*PROBLEM TO WORK ON*:
Reproduce the records exactly through the line with "(exists d : R, Delta_q".

*RECORDS FOR THE EXERCISE*:
Theorem corollary3p9 (c : R) (f : R -> R) (E T : R) :
  traveling_wave c f ->
  has_energy c f E ->
  (librational E \/ rotational c E) ->
  fundamental_period f T ->
  exists mu_s : R, mu_s < 0 /\
    (exists d : R, Delta_q c f T mu_s d /\ Rabs d > 2) /\
    (exists beta_s : R, 0 < beta_s /\
       RtoC mu_s = Cmult (Cmult Ci (RtoC (gam c * beta_s)))
                         (Cmult Ci (RtoC (gam c * beta_s))) /\
       ~ in_sigmaQ c f (Cmult Ci (RtoC beta_s)) /\
       ~ in_sigmaQ c f (Cmult Ci (RtoC (- beta_s)))).
Proof.
  intros Htw Hen [Hlib | Hrot] [Hper _].
  - exact (librational_imaginary_gap c f E T Htw Hen Hper Hlib).
  - exact (rotational_imaginary_gap c f E T Htw Hen Hper Hrot).
Qed.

*ANSWER SPACE*:
Theorem corollary3p9 (c : R) (f : R -> R) (E T : R) :
  traveling_wave c f ->
  has_energy c f E ->
  (librational E \/ rotational c E) ->
  fundamental_period f T ->
  exists mu_s : R, mu_s < 0 /\
    (exists d : R, Delta_q c f T mu_s d /\ Rabs d > 2) /\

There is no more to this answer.